Dataset items
* * * * * * * * *

Definition epath_from_to (p : seq (dart G)) (x y : vert G) : bool :=
  match p with
  | [::] => false
  | d :: p' => [&& path adj d p', dsrc d == x & dtgt (last d p') == y]
  end.

Definition walk_from_to (p : seq (dart G)) (x y : vert G) : bool :=
  match p with
  | [::] => x == y
  | d :: p' => [&& path adj d p', dsrc d == x & dtgt (last d p') == y]
  end.

(* free reduction (cancelling backtracks d \bar d) *)
Definition reduce (p : seq (dart G)) : seq (dart G) :=
  foldr (fun d acc => match acc with
                      | d' :: acc' => if d' == drev d then acc' else d :: acc
                      | [::] => [:: d] end) [::] p.

(* valence of a vertex (loops count twice) *)
Definition valence (v : vert G) : nat := #|[pred d : dart G | dsrc d == v]|.
End Darts.

(* data of a map: a vertex map and, for each positively oriented edge,
   an edge path; the image of \bar e is the reverse path *)
Record gmap (G1 G2 : graph) := GMap {
  mV : vert G1 -> vert G2;
  mE : edge G1 -> seq (dart G2) }.

Definition mD G1 G2 (f : gmap G1 G2) (d : dart G1) : seq (dart G2) :=
  if d.2 then mE f d.1 else prev (mE f d.1).

Definition is_graph_map G1 G2 (f : gmap G1 G2) : Prop :=
  forall e : edge G1, epath_from_to (mE f e) (mV f (src e)) (mV f (tgt e)).

(* a combinatorial map, where edges may also be collapsed to a vertex *)
Definition is_cmap G1 G2 (f : gmap G1 G2) : Prop :=
  forall e : edge G1, walk_from_to (mE f e) (mV f (src e)) (mV f (tgt e)).

(* composition g o f, extended to edge paths by concatenation (no tightening) *)
Definition comp G1 G2 G3 (g : gmap G2 G3) (f : gmap G1 G2) : gmap G1 G3 :=
  GMap (fun v => mV g (mV f v)) (fun e => flatten (map (mD g) (mE f e))).

Definition gid (G : graph) : gmap G G := GMap (fun v => v) (fun e => [:: (e, true)]).

Definition gmap_eq G1 G2 (f g : gmap G1 G2) : Prop :=
  (forall v, mV f v = mV g v) /\ (forall e, mE f e = mE g e).

Definition is_iso G1 G2 (f : gmap G1 G2) : Prop :=
  is_graph_map f /\ bijective (mV f) /\
  exists s : dart G1 -> dart G2, bijective s /\ forall d, mD f d = [:: s d].

(* Combinatorial model of free homotopy of maps of graphs: f ~ g iff there are
   paths q_v from f(v) to g(v) with f(e) q_{tau e} ~ q_{iota e} g(e) rel
   endpoints, i.e. with equal free reductions. *)
Definition homotopic G1 G2 (f g : gmap G1 G2) : Prop :=
  exists q : vert G1 -> seq (dart G2),
    (forall v, walk_from_to (q v) (mV f v) (mV g v)) /\
    (forall e, reduce (mE f e ++ q (tgt e)) = reduce (q (src e) ++ mE g e)).

Definition is_heq G1 G2 (f : gmap G1 G2) : Prop :=
  exists g : gmap G2 G1, is_cmap g /\
    homotopic (comp g f) (gid G1) /\ homotopic (comp f g) (gid G2).

Section Folds.
Variables G1 G2 : graph.
Implicit Types f : gmap G1 G2.

(* proper full fold of e1 over e0 (up to an isomorphism of the target):
   e1 |-> e0 e1', all other edges map to single edges, bijectively *)
Definition full_fold f (e0 e1 : dart G1) : Prop :=
  bijective (mV f) /\
  exists (s : dart G1 -> dart G2) (x : dart G2),
    (forall d, d.1 != e1.1 -> mD f d = [:: s d]) /\
    mD f e1 = [:: s e0; x] /\
    (forall d d', d.1 != e1.1 -> d'.1 != e1.1 -> s d = s d' -> d = d') /\
    (forall d, d.1 != e1.1 -> (s d).1 != x.1) /\
    (forall e2 : edge G2, e2 = x.1 \/ exists d, d.1 != e1.1 /\ (s d).1 = e2).

(* complete fold of e0 and e1: identify them (and their endpoints) entirely *)
Definition complete_fold f (e0 e1 : dart G1) : Prop :=
  (forall v w, mV f v = mV f w <->
     v = w \/ (v = dtgt e0 /\ w = dtgt e1) \/ (v = dtgt e1 /\ w = dtgt e0)) /\
  (forall y, exists v, mV f v = y) /\
  exists s : dart G1 -> dart G2,
    (forall d, mD f d = [:: s d]) /\
    (forall d d', s d = s d' <->
       d = d' \/ (d = e0 /\ d' = e1) \/ (d = e1 /\ d' = e0)
       \/ (d = drev e0 /\ d' = drev e1) \/ (d = drev e1 /\ d' = drev e0)) /\
    (forall y, exists d, s d = y).

(* partial fold of e1 over e0: e0 |-> e0' e0'', e1 |-> e0' e1', with a new
   vertex u = tau(e0') *)
Definition partial_fold f (e0 e1 : dart G1) : Prop :=
  injective (mV f) /\
  exists (u : vert G2) (s : dart G1 -> dart G2) (a b c : dart G2),
    (forall v, mV f v != u) /\ (forall y, y = u \/ exists v, mV f v = y) /\
    dtgt a = u /\
    (forall d, d.1 != e0.1 -> d.1 != e1.1 -> mD f d = [:: s d]) /\
    mD f e0 = [:: a; b] /\ mD f e1 = [:: a; c] /\
    uniq [:: a.1; b.1; c.1] /\
    (forall d d', d.1 != e0.1 -> d.1 != e1.1 -> d'.1 != e0.1 -> d'.1 != e1.1 ->
       s d = s d' -> d = d') /\
    (forall d, d.1 != e0.1 -> d.1 != e1.1 -> (s d).1 \notin [:: a.1; b.1; c.1]) /\
    (forall e2 : edge G2, e2 \in [:: a.1; b.1; c.1] \/
       exists d, [/\ d.1 != e0.1, d.1 != e1.1 & (s d).1 = e2]).

Definition is_fold f : Prop :=
  is_graph_map f /\
  exists e0 e1 : dart G1,
    [/\ e0 != e1, e1 != drev e0, dsrc e0 = dsrc e1 &
        full_fold f e0 e1 \/ complete_fold f e0 e1 \/ partial_fold f e0 e1].
End Folds.

(* fold_chain f m : f = h o f_m o ... o f_1 with folds f_i and an isomorphism h *)
Inductive fold_chain : forall G G' : graph, gmap G G' -> nat -> Prop :=
| fc_iso G G' (h : gmap G G') : is_iso h -> fold_chain h 0
| fc_step G G1 G' (f1 : gmap G G1) (g : gmap G1 G') (f : gmap G G') m :
    is_fold f1 -> fold_chain g m -> gmap_eq f (comp g f1) -> fold_chain f m.+1.

Definition has_fold_decomposition G (f : gmap G G) (m : nat) : Prop :=
  fold_chain f m.

Local Open Scope ring_scope.

Definition transition G (f : gmap G G) : 'M[algC]_(nE G) :=
  \matrix_(i, j) ((count (fun d : dart G => d.1 == j) (mE f i))%:R).

Definition irreducible_mx n (A : 'M[algC]_n) : Prop :=
  forall i j, exists k, (0 < k)%N /\ 0 < (A ^+ k) i j.

Definition irreducible_map G (f : gmap G G) : Prop :=
  irreducible_mx (transition f) /\ forall v : vert G, (3 <= valence v)%N.

Definition largest_eigenvalue n (A : 'M[algC]_n) (lam : algC) : Prop :=
  eigenvalue A lam /\ lam \is Num.real /\
  forall mu, eigenvalue A mu -> mu \is Num.real -> mu <= lam.

(* Each fold strictly increases the total length sum_e |f(e)| of the image
   paths, while an isomorphism has total length |EG| = n; so the m folds give
   sum_(i,j) T_ij >= n + m.  In the transition graph of the irreducible matrix
   T every edge is reached from every other one by a walk of length < n, and at
   each step a reached row l adds at least (sum_j T_lj) - 1 new walks; hence
   every row sum of T^n is at least sum_(i,j) T_ij - n + 1 >= m + 1.
   Finally, if all row sums of T^n exceed z^n for some z > 0, then
   u = sum_k z^(n-1-k) T^k 1 is a positive vector with T u > z u.  Were no real
   eigenvalue >= z, a continuity argument would make v = adj(zI - T) 1 positive
   with (zI - T) v = det(zI - T) 1 > 0, and comparing u and v at the index
   maximising u_i / v_i gives a contradiction. *)

From Pilot Require Import Defs.
From HB Require Import structures.
From mathcomp Require Import all_boot all_order all_algebra all_field.
From mathcomp Require Import polyrcf zify.
Import Order.TTheory GRing.Theory Num.Theory Num.Def.

Set Implicit Arguments.
Unset Strict Implicit.
Unset Printing Implicit Defensive.

(** * Folds lengthen graph maps *)

Definition on_edge G (y : edge G) (d : dart G) : bool := d.1 == y.

Lemma count_on_edge_sum G (s : seq (dart G)) :
  \sum_(y < nE G) count (on_edge y) s = size s.
Proof.
elim: s => [|d s IHs] /=; first by rewrite big1.
rewrite big_split /= IHs (bigD1 d.1) //= /on_edge eqxx big1 // => y /negPf.
by rewrite eq_sym => ->.
Qed.

Lemma sum_dart_edge G (s : seq (dart G)) (w : edge G -> nat) :
  \sum_(d <- s) w d.1 = \sum_(y < nE G) w y * count (on_edge y) s.
Proof.
elim: s => [|d s IHs]; first by rewrite big_nil big1 // => y _; rewrite muln0.
rewrite big_cons IHs /=; under [RHS]eq_bigr do rewrite mulnDr.
rewrite big_split /=; congr (_ + _).
rewrite (bigD1 d.1) //= /on_edge eqxx muln1 big1 ?addn0 // => y /negPf.
by rewrite eq_sym => ->; rewrite muln0.
Qed.

Definition gmap_length G G' (f : gmap G G') : nat := \sum_(e < nE G) size (mE f e).

Definition traversals G G' (f : gmap G G') (y : edge G') : nat :=
  \sum_(e < nE G) count (on_edge y) (mE f e).

Lemma size_mD G G' (f : gmap G G') d : size (mD f d) = size (mE f d.1).
Proof. by rewrite /mD; case: d.2; rewrite // /Defs.prev size_rev size_map. Qed.

Lemma has_on_edge_mD G G' (f : gmap G G') d (y : edge G') :
  has (on_edge y) (mD f d) = has (on_edge y) (mE f d.1).
Proof. by rewrite /mD; case: d.2; rewrite // /Defs.prev has_rev has_map. Qed.

Lemma traversals_gt0 G G' (f : gmap G G') d (y : edge G') :
  has (on_edge y) (mD f d) -> 0 < traversals f y.
Proof. by rewrite has_on_edge_mD has_count /traversals (bigD1 d.1) //= => /ltn_addr->. Qed.

Lemma traversals_gt1 G G' (f : gmap G G') d d' (y : edge G') : d.1 != d'.1 ->
  has (on_edge y) (mD f d) -> has (on_edge y) (mD f d') -> 1 < traversals f y.
Proof.
move=> d_neq; rewrite !has_on_edge_mD !has_count /traversals (bigD1 d.1) //=.
rewrite (bigD1 d'.1) /= 1?eq_sym // addnA => a_gt0 b_gt0.
by rewrite ltn_addr // (leq_add a_gt0 b_gt0).
Qed.

Lemma gmap_length_comp G G' G'' (g : gmap G' G'') (f : gmap G G') :
  gmap_length (Defs.comp g f) = \sum_(y < nE G') size (mE g y) * traversals f y.
Proof.
transitivity (\sum_(e < nE G) \sum_(d <- mE f e) size (mE g d.1)).
  apply: eq_bigr => e _; rewrite size_flatten /shape -map_comp sumnE big_map.
  by apply: eq_bigr => d _; exact: size_mD.
under eq_bigr do rewrite (sum_dart_edge _ (fun y => size (mE g y))).
by rewrite exchange_big; apply: eq_bigr => y _; rewrite big_distrr.
Qed.

Lemma gmap_length_comp_gt G G' G'' (g : gmap G' G'') (f : gmap G G') :
  (forall y, 0 < size (mE g y)) -> (forall y, 0 < traversals f y) ->
  (exists y, 1 < traversals f y) -> gmap_length g < gmap_length (Defs.comp g f).
Proof.
move=> g_gt0 f_onto [y0 f_y0]; rewrite gmap_length_comp /gmap_length.
rewrite [ltnLHS](bigD1 y0) // [ltnRHS](bigD1 y0) //= -addSn leq_add //.
  by have := g_gt0 y0; nia.
by apply: leq_sum => y _; rewrite leq_pmulr.
Qed.

Lemma dart_edge_neq G (d d' : dart G) : d != d' -> d' != drev d -> d.1 != d'.1.
Proof.
case: d d' => [e b] [e' b'] /= ne1 ne2; apply/eqP => ee; move: ne1 ne2.
by rewrite ee /drev; case: b b' => [] []; rewrite eqxx.
Qed.

Lemma fold_traversals G G1 (f : gmap G G1) :
  is_fold f -> (forall y, 0 < traversals f y) /\ exists y, 1 < traversals f y.
Proof.
move=> [_ [e0 [e1 [e0_neq_e1 e1_neq_re0 _ kind]]]].
have e01 := dart_edge_neq e0_neq_e1 e1_neq_re0.
have in_head (x : dart G1) s : has (on_edge x.1) (x :: s) by rewrite /= /on_edge eqxx.
have in_tail (x x' : dart G1) s : has (on_edge x'.1) (x :: x' :: s).
  by rewrite /= /on_edge eqxx orbT.
case: kind => [[_ [s [x [s_eq [e1_eq [_ [_ onto]]]]]]]|[]].
- split; last by exists (s e0).1; apply: (traversals_gt1 e01); rewrite ?e1_eq ?s_eq ?in_head.
  move=> y; case: (onto y) => [->|[d [d_neq <-]]].
    by apply: (traversals_gt0 (d := e1)); rewrite e1_eq in_tail.
  by apply: (traversals_gt0 (d := d)); rewrite s_eq ?in_head.
- move=> [_ [_ [s [s_eq [s_iff onto]]]]].
  have s01 : s e0 = s e1 by apply/s_iff; right; left.
  split; last by exists (s e0).1; apply: (traversals_gt1 e01); rewrite s_eq ?s01 ?in_head.
  move=> y; case: (onto (y, true)) => d sd.
  by apply: (traversals_gt0 (d := d)); rewrite s_eq sd /= /on_edge /= eqxx.
- move=> [_ [u [s [a [b [c [_ [_ [_ [s_eq [e0_eq [e1_eq [_ [_ [_ onto]]]]]]]]]]]]]]].
  split; last by exists a.1; apply: (traversals_gt1 e01); rewrite ?e0_eq ?e1_eq.
  move=> y; case: (onto y) => [|[d [d_neq0 d_neq1 <-]]].
    rewrite !inE => /or3P[] /eqP ->.
    + by apply: (traversals_gt0 (d := e0)); rewrite e0_eq.
    + by apply: (traversals_gt0 (d := e0)); rewrite e0_eq.
    + by apply: (traversals_gt0 (d := e1)); rewrite e1_eq.
  by apply: (traversals_gt0 (d := d)); rewrite s_eq.
Qed.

* * * * * * * * *

▸ Activity
Copy out every line in the entries above that holds "drev".

▸ Solution for this exercise
                      | d' :: acc' => if d' == drev d then acc' else d :: acc
       \/ (d = drev e0 /\ d' = drev e1) \/ (d = drev e1 /\ d' = drev e0)) /\
    [/\ e0 != e1, e1 != drev e0, dsrc e0 = dsrc e1 &
Lemma dart_edge_neq G (d d' : dart G) : d != d' -> d' != drev d -> d.1 != d'.1.
by rewrite ee /drev; case: b b' => [] []; rewrite eqxx.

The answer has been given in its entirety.